__EXERCISE PROMPT__
Reproduce the first line of the material below and each line after it, exactly, through the line containing "Unset Strict Implicit.", and give nothing more.

__LISTED ENTRIES__
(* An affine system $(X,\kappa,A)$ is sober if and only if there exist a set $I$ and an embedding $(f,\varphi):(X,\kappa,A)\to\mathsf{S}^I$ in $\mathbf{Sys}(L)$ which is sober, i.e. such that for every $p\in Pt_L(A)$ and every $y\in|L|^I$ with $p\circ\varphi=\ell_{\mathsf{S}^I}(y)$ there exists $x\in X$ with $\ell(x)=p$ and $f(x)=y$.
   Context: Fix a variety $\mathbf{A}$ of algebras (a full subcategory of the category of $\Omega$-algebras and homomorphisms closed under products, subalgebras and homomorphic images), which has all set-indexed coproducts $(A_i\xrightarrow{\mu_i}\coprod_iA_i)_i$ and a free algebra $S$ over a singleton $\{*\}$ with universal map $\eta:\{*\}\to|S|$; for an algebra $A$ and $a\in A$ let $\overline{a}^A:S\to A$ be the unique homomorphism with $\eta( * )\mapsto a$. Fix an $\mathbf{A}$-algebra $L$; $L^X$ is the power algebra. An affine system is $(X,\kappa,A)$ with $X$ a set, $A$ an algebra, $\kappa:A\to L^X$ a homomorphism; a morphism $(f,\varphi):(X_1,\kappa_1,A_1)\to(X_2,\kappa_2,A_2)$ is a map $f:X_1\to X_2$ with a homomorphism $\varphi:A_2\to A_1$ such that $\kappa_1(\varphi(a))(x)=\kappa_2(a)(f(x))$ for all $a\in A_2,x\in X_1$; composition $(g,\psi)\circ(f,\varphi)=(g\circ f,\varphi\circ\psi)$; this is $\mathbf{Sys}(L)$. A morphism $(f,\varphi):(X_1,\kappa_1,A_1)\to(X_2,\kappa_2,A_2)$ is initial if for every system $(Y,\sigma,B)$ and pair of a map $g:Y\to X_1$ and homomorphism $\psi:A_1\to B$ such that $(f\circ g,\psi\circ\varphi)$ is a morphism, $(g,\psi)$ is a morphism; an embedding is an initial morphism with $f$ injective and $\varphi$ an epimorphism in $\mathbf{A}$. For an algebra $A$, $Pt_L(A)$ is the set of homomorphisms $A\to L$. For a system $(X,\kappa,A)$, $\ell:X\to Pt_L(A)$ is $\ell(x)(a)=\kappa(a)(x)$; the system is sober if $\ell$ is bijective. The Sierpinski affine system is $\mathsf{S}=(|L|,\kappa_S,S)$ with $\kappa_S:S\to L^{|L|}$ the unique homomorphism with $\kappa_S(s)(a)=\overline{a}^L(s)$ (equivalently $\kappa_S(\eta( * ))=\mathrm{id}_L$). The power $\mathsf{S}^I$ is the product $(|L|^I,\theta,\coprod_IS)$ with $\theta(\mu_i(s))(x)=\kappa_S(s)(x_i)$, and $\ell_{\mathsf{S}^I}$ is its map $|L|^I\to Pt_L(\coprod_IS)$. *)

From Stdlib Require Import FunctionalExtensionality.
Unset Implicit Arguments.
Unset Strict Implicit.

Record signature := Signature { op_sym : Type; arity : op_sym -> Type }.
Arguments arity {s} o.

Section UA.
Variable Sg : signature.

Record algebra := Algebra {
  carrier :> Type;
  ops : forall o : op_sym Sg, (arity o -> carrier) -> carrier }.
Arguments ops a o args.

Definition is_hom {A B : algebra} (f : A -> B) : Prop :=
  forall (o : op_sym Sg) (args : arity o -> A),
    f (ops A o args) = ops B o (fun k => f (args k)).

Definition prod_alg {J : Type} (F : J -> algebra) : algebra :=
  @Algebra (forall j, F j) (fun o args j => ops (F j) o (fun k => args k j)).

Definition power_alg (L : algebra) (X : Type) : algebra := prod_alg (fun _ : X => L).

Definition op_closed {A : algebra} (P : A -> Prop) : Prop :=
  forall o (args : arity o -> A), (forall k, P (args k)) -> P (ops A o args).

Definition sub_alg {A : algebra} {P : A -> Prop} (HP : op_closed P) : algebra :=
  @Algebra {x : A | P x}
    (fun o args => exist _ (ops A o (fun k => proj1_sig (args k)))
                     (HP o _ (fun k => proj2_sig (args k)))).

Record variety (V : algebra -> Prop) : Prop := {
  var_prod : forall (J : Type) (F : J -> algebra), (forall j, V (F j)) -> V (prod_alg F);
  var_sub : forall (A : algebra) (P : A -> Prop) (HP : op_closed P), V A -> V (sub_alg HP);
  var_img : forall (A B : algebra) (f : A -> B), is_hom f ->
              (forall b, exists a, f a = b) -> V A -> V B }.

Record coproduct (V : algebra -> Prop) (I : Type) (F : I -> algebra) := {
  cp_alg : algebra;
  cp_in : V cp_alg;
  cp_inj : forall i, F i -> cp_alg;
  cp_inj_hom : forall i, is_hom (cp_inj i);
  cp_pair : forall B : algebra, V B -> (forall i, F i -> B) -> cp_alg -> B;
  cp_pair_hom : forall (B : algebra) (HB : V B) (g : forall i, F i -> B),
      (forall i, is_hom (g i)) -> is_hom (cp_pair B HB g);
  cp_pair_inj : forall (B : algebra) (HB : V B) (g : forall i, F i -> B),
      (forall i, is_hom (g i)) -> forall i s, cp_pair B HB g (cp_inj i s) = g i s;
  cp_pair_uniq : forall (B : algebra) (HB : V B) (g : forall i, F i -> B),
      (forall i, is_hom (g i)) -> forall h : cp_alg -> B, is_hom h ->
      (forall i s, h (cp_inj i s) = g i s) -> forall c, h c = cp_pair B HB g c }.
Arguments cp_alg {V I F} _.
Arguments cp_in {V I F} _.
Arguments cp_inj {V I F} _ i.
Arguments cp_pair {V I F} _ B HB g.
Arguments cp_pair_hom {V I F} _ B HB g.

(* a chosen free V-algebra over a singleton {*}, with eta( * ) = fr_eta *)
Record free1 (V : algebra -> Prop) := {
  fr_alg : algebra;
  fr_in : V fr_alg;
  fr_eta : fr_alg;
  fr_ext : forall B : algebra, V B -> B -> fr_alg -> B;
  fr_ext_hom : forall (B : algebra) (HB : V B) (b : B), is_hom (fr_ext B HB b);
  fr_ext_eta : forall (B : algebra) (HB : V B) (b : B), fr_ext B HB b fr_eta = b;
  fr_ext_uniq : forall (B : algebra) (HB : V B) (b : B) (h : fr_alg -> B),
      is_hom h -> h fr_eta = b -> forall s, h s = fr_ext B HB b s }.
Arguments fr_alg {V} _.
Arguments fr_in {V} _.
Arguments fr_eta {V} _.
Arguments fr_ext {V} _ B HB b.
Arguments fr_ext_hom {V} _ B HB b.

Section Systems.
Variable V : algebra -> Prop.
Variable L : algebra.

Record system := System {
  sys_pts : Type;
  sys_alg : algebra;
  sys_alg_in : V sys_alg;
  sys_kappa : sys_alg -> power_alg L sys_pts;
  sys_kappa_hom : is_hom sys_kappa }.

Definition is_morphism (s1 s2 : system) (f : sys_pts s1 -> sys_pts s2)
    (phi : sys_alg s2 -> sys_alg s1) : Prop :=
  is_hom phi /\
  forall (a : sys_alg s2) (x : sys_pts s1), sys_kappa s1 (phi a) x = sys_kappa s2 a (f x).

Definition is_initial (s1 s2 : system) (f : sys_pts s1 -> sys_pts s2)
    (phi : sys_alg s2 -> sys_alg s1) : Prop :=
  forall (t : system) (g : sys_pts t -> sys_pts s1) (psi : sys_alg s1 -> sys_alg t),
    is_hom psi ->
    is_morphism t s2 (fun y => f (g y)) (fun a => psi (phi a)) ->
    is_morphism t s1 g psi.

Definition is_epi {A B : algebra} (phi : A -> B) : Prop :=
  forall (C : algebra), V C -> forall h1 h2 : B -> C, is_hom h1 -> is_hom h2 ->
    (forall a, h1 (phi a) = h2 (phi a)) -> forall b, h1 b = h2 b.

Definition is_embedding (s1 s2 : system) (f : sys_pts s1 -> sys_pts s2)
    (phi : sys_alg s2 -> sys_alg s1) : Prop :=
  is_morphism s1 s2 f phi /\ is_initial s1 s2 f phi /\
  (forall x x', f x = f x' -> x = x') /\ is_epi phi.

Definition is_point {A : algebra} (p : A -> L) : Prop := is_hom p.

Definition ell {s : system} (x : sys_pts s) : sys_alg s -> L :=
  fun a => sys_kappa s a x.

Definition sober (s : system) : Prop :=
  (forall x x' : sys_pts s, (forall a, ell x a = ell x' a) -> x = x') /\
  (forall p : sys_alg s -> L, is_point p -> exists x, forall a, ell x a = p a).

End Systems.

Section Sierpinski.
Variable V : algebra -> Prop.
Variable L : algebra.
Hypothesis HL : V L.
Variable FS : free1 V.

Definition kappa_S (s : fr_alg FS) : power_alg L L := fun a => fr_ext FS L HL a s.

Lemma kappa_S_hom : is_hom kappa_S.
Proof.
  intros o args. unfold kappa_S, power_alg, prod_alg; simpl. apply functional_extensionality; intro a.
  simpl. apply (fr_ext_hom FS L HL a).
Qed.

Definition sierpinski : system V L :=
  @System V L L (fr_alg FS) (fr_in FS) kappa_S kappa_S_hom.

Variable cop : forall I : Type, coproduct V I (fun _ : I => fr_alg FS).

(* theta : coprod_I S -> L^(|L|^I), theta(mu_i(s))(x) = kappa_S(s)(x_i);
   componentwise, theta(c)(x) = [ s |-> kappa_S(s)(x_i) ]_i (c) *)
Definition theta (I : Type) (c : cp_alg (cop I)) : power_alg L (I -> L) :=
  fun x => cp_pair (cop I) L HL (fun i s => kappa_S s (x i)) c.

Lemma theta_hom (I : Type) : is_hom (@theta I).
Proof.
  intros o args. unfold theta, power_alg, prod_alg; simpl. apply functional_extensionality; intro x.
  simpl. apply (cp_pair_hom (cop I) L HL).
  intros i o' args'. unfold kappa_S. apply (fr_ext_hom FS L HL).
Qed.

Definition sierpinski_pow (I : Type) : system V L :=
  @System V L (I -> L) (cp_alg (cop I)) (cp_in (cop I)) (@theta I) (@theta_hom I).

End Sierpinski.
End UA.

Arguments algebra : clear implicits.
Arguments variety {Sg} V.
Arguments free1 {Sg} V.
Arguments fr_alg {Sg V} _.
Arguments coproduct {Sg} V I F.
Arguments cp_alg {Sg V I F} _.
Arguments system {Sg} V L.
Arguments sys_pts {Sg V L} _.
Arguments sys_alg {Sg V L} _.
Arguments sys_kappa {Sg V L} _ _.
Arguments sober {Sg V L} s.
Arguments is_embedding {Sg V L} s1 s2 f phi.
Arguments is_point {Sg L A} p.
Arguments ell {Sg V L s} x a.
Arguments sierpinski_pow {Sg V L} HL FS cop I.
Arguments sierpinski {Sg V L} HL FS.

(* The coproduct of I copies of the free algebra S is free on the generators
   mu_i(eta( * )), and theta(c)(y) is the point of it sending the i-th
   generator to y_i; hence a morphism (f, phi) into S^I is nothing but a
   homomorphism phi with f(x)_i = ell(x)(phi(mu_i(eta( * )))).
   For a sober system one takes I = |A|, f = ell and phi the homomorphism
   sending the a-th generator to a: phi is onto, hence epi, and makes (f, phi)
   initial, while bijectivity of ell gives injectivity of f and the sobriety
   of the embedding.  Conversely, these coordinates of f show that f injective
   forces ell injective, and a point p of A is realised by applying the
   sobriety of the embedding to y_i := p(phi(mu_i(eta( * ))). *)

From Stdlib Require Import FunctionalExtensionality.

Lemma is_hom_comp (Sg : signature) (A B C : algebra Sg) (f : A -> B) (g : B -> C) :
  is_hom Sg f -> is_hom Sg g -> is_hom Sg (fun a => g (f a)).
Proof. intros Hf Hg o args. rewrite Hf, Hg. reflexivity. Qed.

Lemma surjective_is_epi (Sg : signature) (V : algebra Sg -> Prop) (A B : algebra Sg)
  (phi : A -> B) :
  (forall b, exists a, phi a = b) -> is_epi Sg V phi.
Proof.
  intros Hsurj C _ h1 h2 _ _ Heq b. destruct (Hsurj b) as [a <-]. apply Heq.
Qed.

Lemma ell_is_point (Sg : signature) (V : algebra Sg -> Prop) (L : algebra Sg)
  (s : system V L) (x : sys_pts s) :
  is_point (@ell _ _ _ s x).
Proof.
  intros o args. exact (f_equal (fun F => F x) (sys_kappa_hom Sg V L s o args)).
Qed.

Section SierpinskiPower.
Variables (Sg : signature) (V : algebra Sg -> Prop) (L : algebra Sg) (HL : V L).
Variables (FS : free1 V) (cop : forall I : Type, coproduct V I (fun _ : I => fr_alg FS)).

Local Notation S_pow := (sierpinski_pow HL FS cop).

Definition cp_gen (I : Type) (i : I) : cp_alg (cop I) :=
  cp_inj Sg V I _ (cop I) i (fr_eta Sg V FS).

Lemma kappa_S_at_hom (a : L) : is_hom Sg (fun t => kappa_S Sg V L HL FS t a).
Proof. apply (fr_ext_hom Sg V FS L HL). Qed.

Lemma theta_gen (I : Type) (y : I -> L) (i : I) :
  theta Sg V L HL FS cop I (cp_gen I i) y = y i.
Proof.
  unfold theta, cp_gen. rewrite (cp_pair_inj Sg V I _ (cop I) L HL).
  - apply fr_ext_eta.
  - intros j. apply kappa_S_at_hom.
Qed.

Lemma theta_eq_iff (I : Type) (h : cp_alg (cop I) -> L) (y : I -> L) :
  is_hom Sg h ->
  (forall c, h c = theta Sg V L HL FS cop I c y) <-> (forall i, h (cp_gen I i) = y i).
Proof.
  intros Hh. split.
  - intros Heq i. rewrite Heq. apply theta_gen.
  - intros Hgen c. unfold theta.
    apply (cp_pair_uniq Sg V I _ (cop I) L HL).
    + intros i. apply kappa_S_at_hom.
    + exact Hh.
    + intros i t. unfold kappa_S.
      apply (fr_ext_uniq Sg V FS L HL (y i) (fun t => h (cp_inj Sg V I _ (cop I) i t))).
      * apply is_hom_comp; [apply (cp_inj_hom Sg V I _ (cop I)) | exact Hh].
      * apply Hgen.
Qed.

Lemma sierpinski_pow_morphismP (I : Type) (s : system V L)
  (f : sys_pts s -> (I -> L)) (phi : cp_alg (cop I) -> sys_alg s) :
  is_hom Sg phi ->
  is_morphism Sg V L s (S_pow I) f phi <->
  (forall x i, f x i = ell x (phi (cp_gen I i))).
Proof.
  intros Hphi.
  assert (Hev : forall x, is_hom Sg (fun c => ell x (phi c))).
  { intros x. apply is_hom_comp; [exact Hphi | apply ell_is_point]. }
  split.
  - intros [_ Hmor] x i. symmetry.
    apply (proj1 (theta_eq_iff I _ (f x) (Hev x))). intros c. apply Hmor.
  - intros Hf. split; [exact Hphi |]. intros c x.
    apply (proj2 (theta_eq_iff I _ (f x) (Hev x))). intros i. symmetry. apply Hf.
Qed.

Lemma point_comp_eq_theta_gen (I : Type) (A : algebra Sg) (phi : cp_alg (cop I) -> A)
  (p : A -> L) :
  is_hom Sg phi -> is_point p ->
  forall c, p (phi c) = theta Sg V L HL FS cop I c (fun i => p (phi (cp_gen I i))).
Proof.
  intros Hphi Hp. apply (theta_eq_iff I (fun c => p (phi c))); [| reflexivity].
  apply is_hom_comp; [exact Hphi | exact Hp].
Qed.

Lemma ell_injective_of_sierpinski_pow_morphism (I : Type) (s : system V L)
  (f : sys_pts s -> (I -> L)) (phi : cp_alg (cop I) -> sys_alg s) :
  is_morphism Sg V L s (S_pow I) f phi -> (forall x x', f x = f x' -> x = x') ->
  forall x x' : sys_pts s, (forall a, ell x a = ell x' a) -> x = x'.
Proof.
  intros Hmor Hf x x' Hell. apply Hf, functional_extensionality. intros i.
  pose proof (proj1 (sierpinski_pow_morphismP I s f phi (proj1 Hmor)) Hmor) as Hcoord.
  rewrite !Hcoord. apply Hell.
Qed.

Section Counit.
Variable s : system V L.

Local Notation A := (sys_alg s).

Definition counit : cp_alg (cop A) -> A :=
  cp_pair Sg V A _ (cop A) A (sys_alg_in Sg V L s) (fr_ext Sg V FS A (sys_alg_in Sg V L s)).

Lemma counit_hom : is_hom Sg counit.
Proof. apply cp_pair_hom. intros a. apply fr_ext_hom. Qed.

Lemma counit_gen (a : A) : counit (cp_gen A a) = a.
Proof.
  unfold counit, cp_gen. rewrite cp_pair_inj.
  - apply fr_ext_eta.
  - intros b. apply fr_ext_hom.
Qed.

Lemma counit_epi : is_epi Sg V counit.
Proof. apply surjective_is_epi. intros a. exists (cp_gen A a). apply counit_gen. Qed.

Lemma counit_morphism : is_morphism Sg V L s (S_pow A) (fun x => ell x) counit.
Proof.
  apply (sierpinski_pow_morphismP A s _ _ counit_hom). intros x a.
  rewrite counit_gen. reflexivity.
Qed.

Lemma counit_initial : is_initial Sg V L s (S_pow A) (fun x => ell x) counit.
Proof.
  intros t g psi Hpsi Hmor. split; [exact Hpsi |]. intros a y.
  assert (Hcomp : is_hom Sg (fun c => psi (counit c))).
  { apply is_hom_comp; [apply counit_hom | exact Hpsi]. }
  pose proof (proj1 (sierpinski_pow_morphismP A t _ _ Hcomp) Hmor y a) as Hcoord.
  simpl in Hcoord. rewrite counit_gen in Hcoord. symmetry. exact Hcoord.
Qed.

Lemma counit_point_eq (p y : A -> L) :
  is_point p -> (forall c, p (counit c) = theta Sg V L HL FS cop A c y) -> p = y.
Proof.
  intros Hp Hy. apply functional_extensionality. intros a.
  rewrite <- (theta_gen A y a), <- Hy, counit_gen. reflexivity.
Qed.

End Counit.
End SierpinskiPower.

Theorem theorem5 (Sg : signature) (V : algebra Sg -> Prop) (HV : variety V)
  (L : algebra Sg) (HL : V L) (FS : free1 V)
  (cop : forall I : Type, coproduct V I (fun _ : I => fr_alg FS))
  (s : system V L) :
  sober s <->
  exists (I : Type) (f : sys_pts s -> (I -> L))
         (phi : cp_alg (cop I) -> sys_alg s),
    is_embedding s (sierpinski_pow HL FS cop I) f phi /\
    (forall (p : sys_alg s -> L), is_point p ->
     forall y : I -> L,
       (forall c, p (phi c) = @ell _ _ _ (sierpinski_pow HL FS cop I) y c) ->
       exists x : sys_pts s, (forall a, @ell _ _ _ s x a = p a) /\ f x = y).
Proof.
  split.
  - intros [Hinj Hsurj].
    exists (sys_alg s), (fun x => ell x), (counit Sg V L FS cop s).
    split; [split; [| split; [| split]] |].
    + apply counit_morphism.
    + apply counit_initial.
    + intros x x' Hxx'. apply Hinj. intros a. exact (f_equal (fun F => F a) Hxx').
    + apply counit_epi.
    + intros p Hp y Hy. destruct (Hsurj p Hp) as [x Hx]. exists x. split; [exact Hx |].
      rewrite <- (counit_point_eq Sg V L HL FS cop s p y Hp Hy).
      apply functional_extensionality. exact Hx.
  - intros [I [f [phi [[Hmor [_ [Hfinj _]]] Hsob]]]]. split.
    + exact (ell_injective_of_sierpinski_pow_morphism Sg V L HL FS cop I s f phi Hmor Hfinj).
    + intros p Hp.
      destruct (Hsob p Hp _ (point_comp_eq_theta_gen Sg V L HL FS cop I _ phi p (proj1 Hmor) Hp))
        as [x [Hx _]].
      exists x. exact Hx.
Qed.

__THE COMPLETED TASK__
(* An affine system $(X,\kappa,A)$ is sober if and only if there exist a set $I$ and an embedding $(f,\varphi):(X,\kappa,A)\to\mathsf{S}^I$ in $\mathbf{Sys}(L)$ which is sober, i.e. such that for every $p\in Pt_L(A)$ and every $y\in|L|^I$ with $p\circ\varphi=\ell_{\mathsf{S}^I}(y)$ there exists $x\in X$ with $\ell(x)=p$ and $f(x)=y$.
   Context: Fix a variety $\mathbf{A}$ of algebras (a full subcategory of the category of $\Omega$-algebras and homomorphisms closed under products, subalgebras and homomorphic images), which has all set-indexed coproducts $(A_i\xrightarrow{\mu_i}\coprod_iA_i)_i$ and a free algebra $S$ over a singleton $\{*\}$ with universal map $\eta:\{*\}\to|S|$; for an algebra $A$ and $a\in A$ let $\overline{a}^A:S\to A$ be the unique homomorphism with $\eta( * )\mapsto a$. Fix an $\mathbf{A}$-algebra $L$; $L^X$ is the power algebra. An affine system is $(X,\kappa,A)$ with $X$ a set, $A$ an algebra, $\kappa:A\to L^X$ a homomorphism; a morphism $(f,\varphi):(X_1,\kappa_1,A_1)\to(X_2,\kappa_2,A_2)$ is a map $f:X_1\to X_2$ with a homomorphism $\varphi:A_2\to A_1$ such that $\kappa_1(\varphi(a))(x)=\kappa_2(a)(f(x))$ for all $a\in A_2,x\in X_1$; composition $(g,\psi)\circ(f,\varphi)=(g\circ f,\varphi\circ\psi)$; this is $\mathbf{Sys}(L)$. A morphism $(f,\varphi):(X_1,\kappa_1,A_1)\to(X_2,\kappa_2,A_2)$ is initial if for every system $(Y,\sigma,B)$ and pair of a map $g:Y\to X_1$ and homomorphism $\psi:A_1\to B$ such that $(f\circ g,\psi\circ\varphi)$ is a morphism, $(g,\psi)$ is a morphism; an embedding is an initial morphism with $f$ injective and $\varphi$ an epimorphism in $\mathbf{A}$. For an algebra $A$, $Pt_L(A)$ is the set of homomorphisms $A\to L$. For a system $(X,\kappa,A)$, $\ell:X\to Pt_L(A)$ is $\ell(x)(a)=\kappa(a)(x)$; the system is sober if $\ell$ is bijective. The Sierpinski affine system is $\mathsf{S}=(|L|,\kappa_S,S)$ with $\kappa_S:S\to L^{|L|}$ the unique homomorphism with $\kappa_S(s)(a)=\overline{a}^L(s)$ (equivalently $\kappa_S(\eta( * ))=\mathrm{id}_L$). The power $\mathsf{S}^I$ is the product $(|L|^I,\theta,\coprod_IS)$ with $\theta(\mu_i(s))(x)=\kappa_S(s)(x_i)$, and $\ell_{\mathsf{S}^I}$ is its map $|L|^I\to Pt_L(\coprod_IS)$. *)

From Stdlib Require Import FunctionalExtensionality.
Unset Implicit Arguments.
Unset Strict Implicit.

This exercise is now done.